Asset managers VanEck and 21Shares have officially submitted S-1 filings with the U.S. Securities and Exchange Commission (SEC) for the first Solana Spot ETF in a major development for the cryptocurrency industry.
The move comes as the Bitcoin ETF market has seen significant success since its launch in January, with the Ethereum ETF market set to begin trading next week.
However, Matthew Sigel, head of digital asset research at VanEck, stressed that the final approval and trading probability of the expected Solana ETF Market will depend heavily on the outcome of the upcoming US presidential election.
This is due to notable differences in their approaches to cryptocurrency regulation and the potential change in leadership at the SEC, which plays a central role in the approval process.
Sigel Calls for Fair Approval Process for Solana ETF
In a recent Bloomberg interview interviewSigel highlighted the growing influence of crypto voters in elections and the changing regulatory environment in Washington. He said, “We’re already seeing a change in the regulatory environment at the elected level. Several Democrats are voting for pro-crypto legislation.”

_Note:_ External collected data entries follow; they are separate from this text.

(* Let $\mathcal{C}$ be a permutation class. If there exists a partial multiplication matrix $M$ whose row-column graph is a cycle such that $\mathcal{C}$ contains $M$-coils of arbitrarily large length, then $\mathcal{C}$ is not labelled well quasi-ordered.
   Context: Permutations are identified with their plots; $\sigma\le\pi$ if $\pi$ has a subsequence order-isomorphic to $\sigma$; a permutation class is a containment-closed set. A gridding matrix has entries in $\{0,1,-1\}$; an $m\times n$ one has $m$ columns, $n$ rows, $M_{ij}$ in column $i$ from the left and row $j$ from the bottom. An $M$-gridding of a permutation $\pi$ of length $L$ is a choice of vertical lines $\tfrac12=v_0\le\dots\le v_m=L+\tfrac12$ and horizontal lines $\tfrac12=h_0\le\dots\le h_n=L+\tfrac12$, not through points of $\pi$, such that in each cell $C_{ij}=\{v_{i-1}<x<v_i,\ h_{j-1}<y<h_j\}$ the points of $\pi$ are absent if $M_{ij}=0$, increasing if $M_{ij}=1$, decreasing if $M_{ij}=-1$; this gives an $M$-gridded permutation $\pi^\#$. The row-column graph $G_M$ is the bipartite graph on $\{1,\dots,m\}\cup\{1',\dots,n'\}$ with edge $ij'$ iff $M_{ij}\neq 0$. $M$ is a partial multiplication matrix if there are fixed $c_1,\dots,c_m,r_1,\dots,r_n\in\{\pm1\}$ with $M_{ij}=c_ir_j$ for each non-zero entry. Column $i$ is oriented left-to-right if $c_i=1$, right-to-left otherwise; row $j$ bottom-to-top if $r_j=1$, top-to-bottom otherwise. The orientation digraph $D_{\pi^\#}$ has the points of $\pi^\#$ as vertices, with $x\to y$ whenever $x,y$ lie in a common column of cells and $x$ precedes $y$ in that column's orientation, or lie in a common row of cells and $x$ precedes $y$ in that row's orientation. Let $\ell$ be the length of the cycle $G_M$. A gridded $M$-coil is an $M$-gridded permutation of length $n>\ell$ with an ordering $v_1,\dots,v_n$ of its points and a labelling of the $\ell$ non-zero cells by $1,\dots,\ell$ such that (C1) $v_i$ lies in cell $i\bmod\ell$ (residues in $\{1,\dots,\ell\}$); (C2) $v_{i-1}\to v_i$ for $1<i\le n$; (C3) $v_i\to v_{i-\ell-1}$ for $\ell+1<i\le n$; (C4) $v_{\ell+1}\to v_1$. An $M$-coil is a permutation having an $M$-gridding which is a gridded $M$-coil; its length is its number of points. A quasi-order is wqo if every infinite sequence has $x_i\le x_j$ for some $i<j$. For a quasi-order $L$, an $L$-labelled permutation is a permutation with a map from its points to $L$; $(\sigma,\ell_\sigma)\le(\pi,\ell_\pi)$ if some embedding of $\sigma$ in $\pi$ maps each point to one whose label is $\ge$ its own. A set of permutations is labelled well quasi-ordered if its set of $L$-labelled elements is wqo for every wqo $L$. *)

From mathcomp Require Import all_boot all_order all_algebra all_fingroup.
Set Implicit Arguments. Unset Strict Implicit. Unset Printing Implicit Defensive.
Import GRing.Theory Num.Theory.
Local Open Scope ring_scope.

(* A permutation of length L is a permutation of 'I_L; the point with
   (0-based) position x has (0-based) value p x. *)
Record permutation := Perm { plen : nat; pperm : 'S_plen }.

(* value of the point at position x (x < plen p); identity outside range *)
Definition pval (p : permutation) (x : nat) : nat :=
  if insub x is Some i then val (pperm p i) else x.

Definition embeds (s p : permutation) (f : 'I_(plen s) -> 'I_(plen p)) : Prop :=
  (forall i j : 'I_(plen s), (i < j)%N -> (f i < f j)%N) /\
  (forall i j : 'I_(plen s), (pperm s i < pperm s j)%N = (pperm p (f i) < pperm p (f j))%N).

Definition contained (s p : permutation) : Prop :=
  exists f : 'I_(plen s) -> 'I_(plen p), embeds f.

Definition perm_class (C : permutation -> Prop) : Prop :=
  forall s p, contained s p -> C p -> C s.

Definition quasi_order (T : Type) (le : T -> T -> Prop) : Prop :=
  (forall x, le x x) /\ (forall x y z, le x y -> le y z -> le x z).

Definition wqo_on (T : Type) (le : T -> T -> Prop) (A : T -> Prop) : Prop :=
  forall x : nat -> T, (forall k, A (x k)) ->
    exists i j : nat, (i < j)%N /\ le (x i) (x j).

Definition wqo (T : Type) (le : T -> T -> Prop) : Prop :=
  quasi_order le /\ wqo_on le (fun _ => True).

Record lperm (L : Type) := LPerm { lp : permutation; llab : 'I_(plen lp) -> L }.
Arguments llab {L} l _.

Definition lperm_le (L : Type) (leL : L -> L -> Prop) (s p : lperm L) : Prop :=
  exists f : 'I_(plen (lp s)) -> 'I_(plen (lp p)),
    embeds f /\ forall i, leL (llab s i) (llab p (f i)).

Definition labelled_wqo (C : permutation -> Prop) : Prop :=
  forall (L : Type) (leL : L -> L -> Prop), wqo leL ->
    wqo_on (lperm_le leL) (fun q : lperm L => C (lp q)).

(* M i j : entry in column i (from the left) and row j (from the bottom), 0-based *)
Definition gridding_matrix (m n : nat) (M : 'I_m -> 'I_n -> int) : Prop :=
  forall i j, M i j = 0 \/ M i j = 1 \/ M i j = -1.

Definition pmm_with (m n : nat) (M : 'I_m -> 'I_n -> int)
  (c : 'I_m -> int) (r : 'I_n -> int) : Prop :=
  (forall i, c i = 1 \/ c i = -1) /\ (forall j, r j = 1 \/ r j = -1) /\
  (forall i j, M i j != 0 -> M i j = c i * r j).

(* row-column graph on columns (inl) and rows (inr) *)
Definition rc_edge (m n : nat) (M : 'I_m -> 'I_n -> int) (x y : 'I_m + 'I_n) : bool :=
  match x, y with
  | inl i, inr j => M i j != 0
  | inr j, inl i => M i j != 0
  | _, _ => false
  end.

Definition rc_is_cycle (m n : nat) (M : 'I_m -> 'I_n -> int) : Prop :=
  exists s : seq ('I_m + 'I_n),
    [/\ uniq s, (forall v, v \in s), (3 <= size s)%N &
        forall x y, rc_edge M x y = (y == next s x) || (x == next s y)].

(* number of non-zero cells (= length of the cycle G_M) *)
Definition nz_cells (m n : nat) (M : 'I_m -> 'I_n -> int) : nat :=
  #|[pred ij : 'I_m * 'I_n | M ij.1 ij.2 != 0]|.

(* vertical line k lies at vl k + 1/2, horizontal line k at hl k + 1/2 *)
Definition in_col (vl : nat -> nat) (i x : nat) : bool := (vl i <= x < vl i.+1)%N.

Definition in_cell (p : permutation) (vl hl : nat -> nat) (i j x : nat) : bool :=
  in_col vl i x && in_col hl j (pval p x).

Definition is_gridding (m n : nat) (M : 'I_m -> 'I_n -> int)
  (p : permutation) (vl hl : nat -> nat) : Prop :=
  [/\ vl 0%N = 0%N, vl m = plen p & (forall k, (k < m)%N -> (vl k <= vl k.+1)%N)] /\
  [/\ hl 0%N = 0%N, hl n = plen p & (forall k, (k < n)%N -> (hl k <= hl k.+1)%N)] /\
      forall (i : 'I_m) (j : 'I_n) x y, (x < plen p)%N -> (y < plen p)%N ->
        in_cell p vl hl i j x -> in_cell p vl hl i j y ->
        [/\ M i j != 0,
            M i j = 1 -> (x < y)%N -> (pval p x < pval p y)%N &
            M i j = -1 -> (x < y)%N -> (pval p y < pval p x)%N].

Definition orient (m n : nat) (c : 'I_m -> int) (r : 'I_n -> int)
  (p : permutation) (vl hl : nat -> nat) (x y : nat) : Prop :=
  (exists i : 'I_m, [/\ in_col vl i x, in_col vl i y &
      if c i == 1 then (x < y)%N else (y < x)%N]) \/
  (exists j : 'I_n, [/\ in_col hl j (pval p x), in_col hl j (pval p y) &
      if r j == 1 then (pval p x < pval p y)%N else (pval p y < pval p x)%N]).

(* p is an M-coil (w.r.t. the orientations c, r); points are indexed
   0-based: v k is the (k+1)-st point of the ordering, lab i j + 1 the
   label of cell (i,j) *)
Definition is_coil (m n : nat) (M : 'I_m -> 'I_n -> int)
  (c : 'I_m -> int) (r : 'I_n -> int) (p : permutation) : Prop :=
  let l := nz_cells M in
  let L := plen p in
  (l < L)%N /\
  exists (vl hl : nat -> nat) (v : nat -> nat) (lab : 'I_m -> 'I_n -> nat),
  [/\ is_gridding M p vl hl,
      (forall k, (k < L)%N -> (v k < L)%N) &
      (forall k k', (k < L)%N -> (k' < L)%N -> v k = v k' -> k = k')] /\
  [/\
      (forall i j, M i j != 0 -> (lab i j < l)%N) &
      (forall i j i' j', M i j != 0 -> M i' j' != 0 ->
          lab i j = lab i' j' -> i = i' /\ j = j')] /\
  [/\
      (forall k, (k < L)%N -> exists (i : 'I_m) (j : 'I_n),
          in_cell p vl hl i j (v k) /\ lab i j = (k %% l)%N),
      (forall k, (0 < k < L)%N -> orient c r p vl hl (v k.-1) (v k)),
      (forall k, (l < k < L)%N -> orient c r p vl hl (v k) (v (k - l.+1)%N)) &
      orient c r p vl hl (v l) (v 0%N)].
(* Let $\mathfrak{g}$ be a finite-dimensional complex Lie algebra and let $a\in\mathfrak{g}^*$ be regular. Then the algebra of shifts of semi-invariants $\mathcal{F}^{\mathrm{si}}_a$ is commutative with respect to both the Lie–Poisson bracket $\{\cdot,\cdot\}$ and the frozen argument bracket $\{\cdot,\cdot\}_a$.
   Context: $S(\mathfrak{g})$ is identified with polynomial functions on $\mathfrak{g}^*$; $df(x)\in\mathfrak{g}\simeq T^*_x\mathfrak{g}^*$. Lie–Poisson bracket: $\{f,h\}(x)=\langle x,[df(x),dh(x)]\rangle$; frozen argument bracket: $\{f,h\}_a(x)=\langle a,[df(x),dh(x)]\rangle$. $\mathfrak{g}_x=\{\xi\in\mathfrak{g}\mid \operatorname{ad}^*_\xi x=0\}$, $\operatorname{ind}\mathfrak{g}=\min_x\dim\mathfrak{g}_x$, $a$ regular means $\dim\mathfrak{g}_a=\operatorname{ind}\mathfrak{g}$. Algebra of shifts $\mathcal{F}_a$: choose $m=\operatorname{ind}\mathfrak{g}$ local analytic invariants $f_1,\dots,f_m$ of the coadjoint representation near $a$ with $df_i(a)$ a basis of $\mathfrak{g}_a$; expand $f_i(a+\lambda x)=\sum_{j\ge0}f_{ij}(x)\lambda^j$; $\mathcal{F}_a$ is generated by all $f_{ij}$, $j>0$. A nonzero $g\in S(\mathfrak{g})$ is a semi-invariant with weight $\chi_g\in\mathfrak{g}^*$ if $\{f,g\}(x)=\chi_g(df(x))g(x)$ for all $f\in S(\mathfrak{g})$. $\mathcal{F}^{\mathrm{si}}_a$ is the subalgebra of $S(\mathfrak{g})$ generated by $\mathcal{F}_a$ and all functions $x\mapsto g(x+\lambda a)$ for all semi-invariants $g$ and all $\lambda\in\mathbb{C}$. *)

(* complex numbers R[i] over a realType R (= the field C),
   polynomials S(g) = {mpoly C[n]} (multinomials), linear algebra via mxalgebra. *)
From HB Require Import structures.
From mathcomp Require Import all_boot all_order all_algebra.
From mathcomp Require Import reals.
From mathcomp Require Import complex.
From mathcomp Require Import mpoly.
Set Implicit Arguments. Unset Strict Implicit. Unset Printing Implicit Defensive.
Import GRing.Theory Num.Theory.
Local Open Scope ring_scope.

Section LieDefs.
Variable R : realType.
Local Notation C := R[i].
Variable n : nat.

(* g = C^n (row vectors w.r.t. a basis), g^* = C^n via the dual basis. *)
Definition is_lie_bracket (lie : 'rV[C]_n -> 'rV[C]_n -> 'rV[C]_n) : Prop :=
  [/\ (forall (c : C) x y z, lie (c *: x + y) z = c *: lie x z + lie y z),
      (forall (c : C) x y z, lie x (c *: y + z) = c *: lie x y + lie x z),
      (forall x, lie x x = 0) &
      (forall x y z, lie x (lie y z) + lie y (lie z x) + lie z (lie x y) = 0)].

Definition pairing (x xi : 'rV[C]_n) : C := \sum_(k < n) x 0 k * xi 0 k.

Definition valu (x : 'rV[C]_n) : 'I_n -> C := fun k => x 0 k.

Definition grad (f : {mpoly C[n]}) (x : 'rV[C]_n) : 'rV[C]_n :=
  \row_(k < n) (mderiv k f).@[valu x].

Variable lie : 'rV[C]_n -> 'rV[C]_n -> 'rV[C]_n.

Definition lp_bracket (f h : {mpoly C[n]}) (x : 'rV[C]_n) : C :=
  pairing x (lie (grad f x) (grad h x)).

Definition frozen_bracket (a : 'rV[C]_n) (f h : {mpoly C[n]}) (x : 'rV[C]_n) : C :=
  pairing a (lie (grad f x) (grad h x)).

(* the matrix (<x,[e_i,e_j]>)_{i,j}; g_x = {xi | ad^*_xi x = 0} is its row kernel,
   i.e. xi \in g_x  <->  forall eta, <x,[xi,eta]> = 0 *)
Definition bracket_form (x : 'rV[C]_n) : 'M[C]_n :=
  \matrix_(i < n, j < n) pairing x (lie (delta_mx 0 i) (delta_mx 0 j)).

Definition stab_mx (x : 'rV[C]_n) : 'M[C]_n := kermx (bracket_form x).

Definition stab_dim (x : 'rV[C]_n) : nat := \rank (stab_mx x).

Definition is_index (k : nat) : Prop :=
  (exists x, stab_dim x = k) /\ (forall x, (k <= stab_dim x)%N).

Definition regular (a : 'rV[C]_n) : Prop := is_index (stab_dim a).

(* A germ of analytic function at a, given by its Taylor expansion
   f(a + y) = \sum_j F j (y), F j homogeneous of degree j;
   analyticity = Cauchy-type bound on the coefficients. *)
Definition analytic_germ (F : nat -> {mpoly C[n]}) : Prop :=
  (forall j, F j \is j.-homog) /\
  exists M r : R, 0 < r /\
    forall j m, `|(F j)@_m| <= ((M / r ^+ j)%:C)%C.

(* local invariant of the coadjoint representation near a:
   <x, [xi, df(x)]> = 0 for all xi and all x near a, written out degree by degree
   in y = x - a (identity of convergent power series). *)
Definition local_invariant_at (a : 'rV[C]_n) (F : nat -> {mpoly C[n]}) : Prop :=
  analytic_germ F /\
  forall (d : nat) (xi y : 'rV[C]_n),
    pairing a (lie xi (grad (F d.+1) y)) + pairing y (lie xi (grad (F d) y)) = 0.

(* df(a) for the germ F: the gradient of the linear part *)
Definition germ_diff_at (F : nat -> {mpoly C[n]}) : 'rV[C]_n := grad (F 1%N) 0.

Definition semi_invariant (g : {mpoly C[n]}) : Prop :=
  g != 0 /\ exists chi : 'rV[C]_n,
    forall (f : {mpoly C[n]}) (x : 'rV[C]_n),
      lp_bracket f g x = pairing chi (grad f x) * g.@[valu x].

Definition shift_poly (a : 'rV[C]_n) (lambda : C) (g : {mpoly C[n]}) : {mpoly C[n]} :=
  g \mPo [tuple 'X_k + (lambda * a 0 k)%:MP | k < n].

End LieDefs.

Inductive gen_subalg (K : comNzRingType) (n : nat) (S : {mpoly K[n]} -> Prop)
  : {mpoly K[n]} -> Prop :=
| gen_base p : S p -> gen_subalg S p
| gen_const c : gen_subalg S c%:MP
| gen_add p q : gen_subalg S p -> gen_subalg S q -> gen_subalg S (p + q)
| gen_mul p q : gen_subalg S p -> gen_subalg S q -> gen_subalg S (p * q).

(* generators of F_a^si, for a chosen family f of m local invariants *)
Definition Fsi_generators (R : realType) (n : nat)
  (lie : 'rV[R[i]]_n -> 'rV[R[i]]_n -> 'rV[R[i]]_n) (a : 'rV[R[i]]_n) (m : nat)
  (f : 'I_m -> nat -> {mpoly R[i][n]}) (p : {mpoly R[i][n]}) : Prop :=
  (exists (k : 'I_m) (j : nat), (0 < j)%N /\ p = f k j) \/
  (exists (g : {mpoly R[i][n]}) (lambda : R[i]),
      semi_invariant lie g /\ p = shift_poly a lambda g).

(* Shifts [f_ij] of local invariants obey the Lenard
   recursion <a, [xi, df_(j+1)(y)]> = - <y, [xi, df_j(y)]>, which makes them pairwise
   commute for both brackets (Mishchenko-Fomenko).  A semi-invariant g of weight chi
   satisfies {xi, g} = chi(xi) g for linear xi; the Jacobi identity forces chi to vanish
   on [g, g], and since the derivative along such a chi' is nilpotent and preserves
   weights, chi(dg') = 0 for every other semi-invariant g'.  A power-series argument
   along the lines through a gives likewise chi(df_ij) = 0.  Consequently the brackets of
   f_ij, g(. + lam a) and g'(. + mu a) satisfy linear relations in lam and mu which force
   them to vanish (for lam = mu by polynomiality in mu).  Both brackets are
   biderivations, so commutativity passes from the generators to the algebra. *)

From HB Require Import structures.
From mathcomp Require Import all_boot all_order all_algebra.
From mathcomp Require Import reals complex mpoly.
From mathcomp Require Import zify.
Import GRing.Theory Num.Theory.
Set Implicit Arguments. Unset Strict Implicit. Unset Printing Implicit Defensive.
Local Open Scope ring_scope.

(** * Polynomial identities *)

Section PolynomialIdentities.
Variable K : numDomainType.

Lemma poly_eq0_nz (q : {poly K}) : (forall t, t != 0 -> q.[t] = 0) -> q = 0.
Proof.
move=> q_nz; apply/eqP; apply: contraT => q_neq0.
pose roots := [seq i.+1%:R : K | i <- iota 0 (size q)].
have roots_q : all (root q) roots.
  by apply/allP => _ /mapP [i _ ->]; apply/rootP/q_nz; rewrite pnatr_eq0.
have uniq_roots : uniq roots.
  by rewrite map_inj_uniq ?iota_uniq // => i j /eqP; rewrite eqr_nat eqSS => /eqP.
by have := max_poly_roots q_neq0 roots_q uniq_roots; rewrite size_map size_iota ltnn.
Qed.

Lemma polyP_horner (p q : {poly K}) : (forall t, p.[t] = q.[t]) -> p = q.
Proof.
move=> pq; apply/eqP; rewrite -subr_eq0; apply/eqP/poly_eq0_nz => t _.
by rewrite hornerD hornerN pq subrr.
Qed.

Definition snoc_val n (v : 'I_n -> K) (t : K) (i : 'I_n.+1) : K :=
  if unlift ord_max i is Some j then v j else t.

Lemma widen_ord_lift_max n (i : 'I_n) : widen_ord (leqnSn n) i = lift ord_max i.
Proof. by apply/val_inj; rewrite /= /bump leqNgt ltn_ord. Qed.

Lemma horner_map_muni n (p : {mpoly K[n.+1]}) v t :
  (map_poly (meval v) (muni p)).[t] = p.@[snoc_val v t].
Proof.
rewrite muniE (mevalE _ p) raddf_sum horner_sum; apply: eq_bigr => m _.
rewrite /= map_polyZ map_polyXn hornerZ hornerXn /= mevalZ mevalX.
rewrite big_ord_recr /= /snoc_val unlift_none mulrA; congr (_ * _ * _).
by apply: eq_bigr => i _; rewrite mnmE widen_ord_lift_max liftK.
Qed.

Lemma mpoly_eq0_meval n (p : {mpoly K[n]}) : (forall v, p.@[v] = 0) -> p = 0.
Proof.
elim: n p => [|n IH] p p0.
  have p_const : p = (p@_0)%:MP.
    apply: msize1_polyC; rewrite msizeE.
    by apply/bigmax_leqP_seq => m _ _; rewrite mdegE big_ord0.
  by have := p0 (fun _ => 0); rewrite p_const mevalC => ->.
have muni_coef0 k : (muni p)`_k = 0.
  apply: IH => v; rewrite -coef_map.
  suff -> : map_poly (meval v) (muni p) = 0 by rewrite coef0.
  by apply: poly_eq0_nz => t _; rewrite horner_map_muni p0.
pose restr (m : 'X_{1..n.+1}) : 'X_{1..n} := [multinom m (widen_ord (leqnSn n) i) | i < n].
have restr_eq m m0 : (m == m0) = (restr m == restr m0) && (m0 ord_max == m ord_max).
  apply/eqP/andP => [->|[/eqP eq_restr /eqP eq_max]] //.
  apply/mnmP => i; case: (unliftP ord_max i) => [j ->|->] //.
  by have := congr1 (fun m' : 'X_{1..n} => m' j) eq_restr; rewrite !mnmE widen_ord_lift_max.
apply/mpolyP => m0; rewrite mcoeff0.
have := congr1 (mcoeff (restr m0)) (muni_coef0 (m0 ord_max)); rewrite mcoeff0 => <-.
rewrite muniE coef_sum raddf_sum {1}(mpolyE p) raddf_sum /=; apply: eq_bigr => m _.
rewrite coefZ coefXn mcoeffZ -scalerAl mcoeffZ mcoeffX restr_eq.
by case: (_ == _ :> nat); rewrite ?mulr1 ?mulr0 ?mcoeff0 ?mcoeffX ?andbT ?andbF ?mulr_natr.
Qed.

Cryptocurrencies have become a hot topic in the White House race, with the Biden administration taking a different approach. Regulation of digital assets than former President Donald Trump, who has expressed support for the industry.
Sigel also noted that the lack of a regulated futures market for Solana could hamper the ETF’s approval. He attributed this to the influence of SEC Chairman Gary Gensler: “We think this is Gensler Psyop again. He’s created this condition since he took office.”
Sigel expressed confidence that with the regulatory landscape evolving, Solana ETFs could still be approved even if Biden wins the election. He stressed that the outcome also depends on the SEC chairman and urged the SEC to make a fair and timely decision. approval process.
Addressing the regulatory environment, Sigel criticized the current situation, particularly regarding Solana. However, he stressed that if Ethereum-based products were allowed to be traded, it would cement Ethereum’s status as a commodity, and the same principle should apply to Solana.
Numerical analysis of the galaxy
Alex Thorn, Director of Research at Galaxy Digital, analysis On-site deposits of Solana ETPs by VanEck and 21Shares, similar to Sigel’s approach.
Thorn stressed the importance of the recent adoption FIT21 Lawthat clarifies regulatory boundaries between the SEC and the Commodity Futures Trading Commission (CFTC). This legislation could play a crucial role in the future regulation of cryptocurrencies, clarifying whether digital assets should be treated as commodities or securities.
Thorn noted that such clarity could improve the chances of ETP approval for digital currencies beyond Bitcoin and Ether, including Solana.
Overall, the future of Solana ETFs faces regulatory hurdles and uncertainties. VanEck’s history of early filings demonstrates its strategic approach, and they may be banking on the outcome of the US presidential election.
The fate of the Solana ETF will depend on the outcome of the election, potential changes in SEC leadership, and ongoing developments in the regulatory landscape.
At the time of writing, Solana’s native token, SOL, is trading at $141, following the overall market downtrend seen on Wednesday, resulting in a 5% price drop over a 24-hour period.